Illinois community dismayed over officer’s suicide, alleged theft
Published 9:12 am Thursday, November 5, 2015
FOX LAKE, Ill. (AP) — Public works employees were pulling down the blue ribbons residents had tied to trees and poles as a tribute to their slain hero. Signs around the small town that had praised the cop known as “G.I. Joe” suddenly disappeared, replaced in one case by another that labeled him “G.I. Joke.”
The friends and neighbors of police Lt. Charles Joseph Gliniewicz reacted with disbelief and dismay to authorities’ announcement Wednesday that the popular Fox Lake, Illinois, officer not only meticulously staged his own suicide to make it look like he died in the line of duty, but had been stealing for years from a police club for youth that he oversaw.

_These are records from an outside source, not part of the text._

(* ||(1/2) e . Z|| = ||e||_1 / 2: the diagonal attains its maximum at the basis vector whose
   bits are the signs of e. *)
Lemma OpNorm_half_dZ N A e : DiagR N A (fun k => 1 / 2 * dZ N e k) -> OpNorm N A (l1norm N e / 2).
Proof.
  intros HD.
  destruct (bit_pattern N (fun j => if Rlt_dec (e j) 0 then true else false)) as [k0 [Hk0 Hbits]].
  assert (Hval : 1 / 2 * dZ N e k0 = l1norm N e / 2).
  { unfold l1norm, dZ. rewrite (Rsum_ext N _ (fun j => Rabs (e j))); [field|].
    intros j Hj. unfold sigma. rewrite Hbits by auto. unfold sgn.
    destruct (Rlt_dec (e j) 0); [rewrite Rabs_left by auto|rewrite Rabs_right by lra]; ring. }
  assert (Hnn : 0 <= l1norm N e / 2) by (generalize (l1norm_nonneg N e); lra).
  replace (l1norm N e / 2) with (Rabs (1 / 2 * dZ N e k0)) by (rewrite Hval; apply Rabs_right; lra).
  apply (OpNorm_diag N A (fun k => 1 / 2 * dZ N e k) k0); auto.
  intros k Hk. cbv beta. rewrite Hval, (Rabs_right (l1norm N e / 2)) by lra.
  rewrite Rabs_mult, (Rabs_right (1 / 2)) by lra.
  replace (l1norm N e / 2) with (1 / 2 * l1norm N e) by field.
  apply Rmult_le_compat_l; [lra|]. eapply Rle_trans; [apply Rabs_Rsum_le|].
  apply Rsum_le. intros j Hj. rewrite Rabs_mult. unfold sigma, sgn.
  replace (Rabs (if Nat.testbit k j then -1 else 1)) with 1
    by (destruct (Nat.testbit k j); unfold Rabs; destruct (Rcase_abs _); lra).
  lra.
Qed.

(** * The distance from [H] to the Lindblad span *)

Section SpanDistance.
Variables (N : nat) (Cm : nat -> nat -> R) (lam : nat -> R) (vv : nat -> nat -> R).
Hypothesis vorth : forall a b, (a < N)%nat -> (b < N)%nat ->
  rdot N (vv a) (vv b) = if Nat.eqb a b then 1 else 0.
Hypothesis veig : forall a i, (a < N)%nat -> (i < N)%nat ->
  Rsum N (fun k => Cm i k * vv a k) = lam a * vv a i.
Hypothesis lampos : forall a, (a < N)%nat -> 0 <= lam a.

Lemma span_lin_spectral x j : (j < N)%nat ->
  span_lin N lam vv (fun a => sqrt (lam a) * rdot N (vv a) x / 2) j = 1 / 2 * Rsum N (fun k => Cm j k * x k).
Proof.
  intros Hj. unfold span_lin. rewrite <- (spectral_expansion N Cm lam vv vorth veig x j Hj), <- Rsum_scal.
  apply Rsum_ext. intros a Ha. rewrite <- (sqrt_sqrt (lam a) (lampos a Ha)) at 3. field.
Qed.

Lemma best_span_element h v : inCol N Cm v ->
  exists S, InSpan N lam vv S /\ OpNorm N (opSub (Hmain N h) S) (l1dist N h v / 2).
Proof.
  intros [x Hx]. set (c1 := fun a => sqrt (lam a) * rdot N (vv a) x / 2).
  exists (spanElt N lam vv 0 c1 (fun _ _ => 0)). split; [exists 0, c1, (fun _ _ => 0); reflexivity|].
  apply OpNorm_half_dZ.
  eapply DiagR_ext; [|exact (diag_sub N _ _ _ _ (diag_Hmain N h) (diag_spanElt N lam vv 0 c1 (fun _ _ => 0)))].
  intros k. unfold sign_quad, dZ. rewrite (Rsum_zero N (fun j => Rsum N _)).
  - rewrite (Rsum_ext N (fun j => span_lin N lam vv c1 j * sigma j k) (fun j => 1 / 2 * (v j * sigma j k))).
    + rewrite Rsum_scal, (Rsum_ext N (fun j => (h j - v j) * sigma j k) (fun j => h j * sigma j k - v j * sigma j k))
        by (intros; ring).
      rewrite Rsum_sub. ring.
    + intros j Hj. unfold c1. rewrite span_lin_spectral, <- Hx by auto. ring.
  - intros j _. apply Rsum_zero. intros m _. unfold span_quad. rewrite Rsum_zero; [ring|].
    intros; apply Rsum_zero; intros; ring.
Qed.

Lemma OpNorm_H_sub_span_ge h b c0 c1 c2 y : Feasible N Cm b ->
  OpNorm N (opSub (Hmain N h) (spanElt N lam vv c0 c1 c2)) y -> rdot N h b / 2 <= y.
Proof.
  intros Hf Hy. set (th := fun j => acos (b j) / 2).
  assert (Hth : forall j, (j < N)%nat -> cos (th j) ^ 2 - sin (th j) ^ 2 = b j)
    by (intros j Hj; apply cos2_sub_sin2_half_acos, Rabs_le_1_bounds, Hf; auto).
  set (dS := sign_quad N c0 (span_lin N lam vv c1) (span_quad N lam vv c2)).
  set (dA := fun k => 1 / 2 * dZ N h k - dS k).
  assert (HD : DiagR N (opSub (Hmain N h) (spanElt N lam vv c0 c1 c2)) dA)
    by exact (diag_sub N _ _ _ _ (diag_Hmain N h) (diag_spanElt N lam vv c0 c1 c2)).
  assert (Y0 := OpNorm_diag_ge_mean N _ dA y (zeroL N th) HD Hy).
  assert (Y1 := OpNorm_diag_ge_mean N _ dA y (oneL N th) HD Hy).
  rewrite (Rsum_ext _ (fun k => Cnorm2 (zeroL N th k)) (fun k => w0 N th k * 1)),
          (Rsum_ext _ (fun k => Cnorm2 (zeroL N th k) * dA k) (fun k => w0 N th k * dA k)) in Y0
    by (intros; rewrite Cnorm2_zeroL; ring).
  rewrite (Rsum_ext _ (fun k => Cnorm2 (oneL N th k)) (fun k => w1 N th k * 1)),
          (Rsum_ext _ (fun k => Cnorm2 (oneL N th k) * dA k) (fun k => w1 N th k * dA k)) in Y1
    by (intros; rewrite Cnorm2_oneL by auto; ring).
  fold (expect N (w0 N th) (fun _ => 1)) (expect N (w0 N th) dA) in Y0.
  fold (expect N (w1 N th) (fun _ => 1)) (expect N (w1 N th) dA) in Y1.
  rewrite expect_w0_one in Y0. rewrite expect_w1_one in Y1.
  specialize (Y0 eq_refl). specialize (Y1 eq_refl).
  assert (EH : expect N (w0 N th) (fun k => 1 / 2 * dZ N h k) - expect N (w1 N th) (fun k => 1 / 2 * dZ N h k)
               = rdot N h b).
  { rewrite !expect_Hmain_diag, <- Rmult_minus_distr_l, (expect_w0_sub_w1_sign_quad N th b) by auto. field. }
  assert (ES : expect N (w0 N th) dS - expect N (w1 N th) dS = 0).
  { unfold dS. rewrite (expect_w0_sub_w1_sign_quad N th b) by auto. rewrite rdot_span_lin, Rsum_zero; [ring|].
    intros a Ha. rewrite (Feasible_orth_Lindblad N Cm lam vv veig) by auto. ring. }
  unfold dA in Y0, Y1. rewrite expect_sub in Y0, Y1.
  generalize (Rle_abs (expect N (w0 N th) (fun k => 1 / 2 * dZ N h k) - expect N (w0 N th) dS))
             (Rle_abs (- (expect N (w1 N th) (fun k => 1 / 2 * dZ N h k) - expect N (w1 N th) dS))).
  rewrite Rabs_Ropp. lra.
Qed.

“It’s breaking my heart,” said Mark Weihofen, a 41-year-old school bus mechanic. “There is a ‘We love you, Joe’ sign that I pass by every day. … It was already down.”
Investigators said they believed the 30-year police veteran — whose death prompted a weekslong manhunt and whose funeral drew thousands of mourners — killed himself because his criminal activity was about to be exposed.
Recovered text messages and other records now show the 52-year-old Gliniewicz embezzled from the village’s Police Explorer program for seven years, spending the money on mortgage payments, travel expenses, gym memberships, adult websites and loans to friends, Lake County Major Crimes Task Force Commander George Filenko said.